*THE RECORDS*:
━━━━━━━━━━

(* Let $n$ be sufficiently large, let $k \ge 4\log_2 n + 2$ be an integer, and let $T_k$ be any tournament on $k$ vertices. Then OBreaker has a winning strategy in the orientation game $Or(T_k,n)$.
   Context: A tournament is a directed graph in which every pair of distinct vertices is joined by exactly one directed edge. The orientation game $Or(T_k,n)$ is played on the edge set of $K_n$ by two players, OMaker and OBreaker. OMaker moves first, and the players then alternate. In each move the player chooses one previously undirected edge of $K_n$ and gives it a direction. The game ends when all edges are directed. OMaker wins if the final digraph, which contains the edges directed by both players, contains a copy of $T_k$; otherwise OBreaker wins. *)

From mathcomp Require Import all_boot.
Set Implicit Arguments. Unset Strict Implicit. Unset Printing Implicit Defensive.

Definition is_tournament (k : nat) (T : rel 'I_k) : Prop :=
  (forall i, ~~ T i i) /\
  (forall i j, i != j -> (T i j || T j i) && ~~ (T i j && T j i)).

(* A (partial) orientation of K_n: D u v means the edge {u,v} was directed u -> v. *)
Definition legal_move (n : nat) (D : rel 'I_n) (u v : 'I_n) : bool :=
  [&& u != v, ~~ D u v & ~~ D v u].

Definition add_arc (n : nat) (D : rel 'I_n) (u v : 'I_n) : rel 'I_n :=
  fun x y => D x y || ((x == u) && (y == v)).

Definition all_directed (n : nat) (D : rel 'I_n) : Prop :=
  forall u v : 'I_n, u != v -> D u v || D v u.

Definition contains_copy (k n : nat) (T : rel 'I_k) (D : rel 'I_n) : Prop :=
  exists f : 'I_k -> 'I_n, injective f /\ forall i j, T i j -> D (f i) (f j).

Definition empty_orientation (n : nat) : rel 'I_n := fun _ _ => false.

(* OBreaker_wins T maker_to_move D : OBreaker has a winning strategy in the
   orientation game Or(T,n) from position D, with OMaker to move iff
   maker_to_move. *)
Inductive OBreaker_wins (k n : nat) (T : rel 'I_k) : bool -> rel 'I_n -> Prop :=
| OBw_end : forall b D, all_directed D -> ~ contains_copy T D ->
    OBreaker_wins T b D
| OBw_maker : forall D, ~ all_directed D ->
    (forall u v, legal_move D u v -> OBreaker_wins T false (add_arc D u v)) ->
    OBreaker_wins T true D
| OBw_breaker : forall D, ~ all_directed D ->
    (exists u v, legal_move D u v /\ OBreaker_wins T true (add_arc D u v)) ->
    OBreaker_wins T false D.

Definition OBreaker_has_winning_strategy (k n : nat) (T : rel 'I_k) : Prop :=
  OBreaker_wins (n:=n) T true (@empty_orientation n).

From mathcomp Require Import all_boot all_order all_algebra.
From mathcomp Require Import realalg.
From mathcomp.algebra_tactics Require Import lra.
From mathcomp Require Import zify.
Set Implicit Arguments. Unset Strict Implicit. Unset Printing Implicit Defensive.
Import Order.TTheory GRing.Theory Num.Theory.
Local Open Scope ring_scope.

(* OBreaker wins Or(T_k, n) by a weighted Erdős–Selfridge potential argument
   with base lam = sqrt 2.  A "copy" of T is an injective map f : 'I_k -> 'I_n;
   it is alive in a partial orientation D if no arc of D goes against an arc of
   T under f, and then it weighs lam ^ (number of arcs of T realized by D).
   The potential of D is the total weight of all copies.
   - OBreaker picks the undirected ordered pair (x, y) of largest weight, i.e.
     the pair whose orientation x -> y is needed by the heaviest set of live
     copies, and directs it y -> x, killing all those copies.  Copy by copy,
     this move followed by any OMaker move changes the weight by at most the
     amount in [round_weight_bound]; summing, and using the maximality of
     (x, y), the potential never increases over a round.
   - After OMaker's first move the potential is at most lam * n ^ k, while a
     copy of T in a complete orientation has weight lam ^ e(T), where
     e(T) >= k(k-1)/2 for a tournament; the hypothesis n ^ 4 <= 2 ^ (k - 2)
     makes lam * n ^ k < lam ^ e(T), so no copy of T can ever appear. *)

Definition arcs (k : nat) (T : rel 'I_k) : {set 'I_k * 'I_k} :=
  [set p | T p.1 p.2].

(* Change of the weight of one copy over a round (an OBreaker move, then an
   OMaker move): the copy dies if it needed the arc OBreaker reversed, and is
   multiplied by lam for each of the two new arcs it uses.  Since lam^2 = 2,
   the gain is bounded linearly in the indicator of each event. *)
Lemma round_weight_bound (R : realFieldType) (lam w0 w1 w2 : R)
    (killed gained made : bool) :
  1 <= lam -> lam ^+ 2 = 2 -> 0 <= w0 -> 0 <= w1 ->
  (killed -> w1 = 0) -> w1 <= (if gained then lam else 1) * w0 ->
  w2 <= (if made then lam else 1) * w1 ->
  w2 <= w0 - (if killed then w0 else 0) + (2 - lam) * (if gained then w0 else 0)
        + (lam - 1) * (if made then w0 else 0).
Proof.
move=> lam_ge1 lam_sqr w0_ge0 w1_ge0 w1_killed.
case: killed w1_killed => [/(_ isT) -> | _]; case: gained; case: made => /=; nra.
Qed.

Section Orientations.
Variable n : nat.
Implicit Types (D : rel 'I_n) (x y u v : 'I_n).

(* No edge is directed both ways; every position of the game has this form. *)
Definition antisymmetric D : Prop := forall u v, D u v -> ~~ D v u.

(* The number of ordered pairs (u, v) without an arc u -> v; it strictly
   decreases with every move, so the game is finite. *)
Definition undirected_pairs D : nat := #|[set p : 'I_n * 'I_n | ~~ D p.1 p.2]|.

━━━━━━━━━━

*TASK REQUIREMENTS*:
Return, from the data, each line that has the word "mathcomp" in it.

*OUTPUT OF THE EXERCISE*:
From mathcomp Require Import all_boot.
From mathcomp Require Import all_boot all_order all_algebra.
From mathcomp Require Import realalg.
From mathcomp.algebra_tactics Require Import lra.
From mathcomp Require Import zify.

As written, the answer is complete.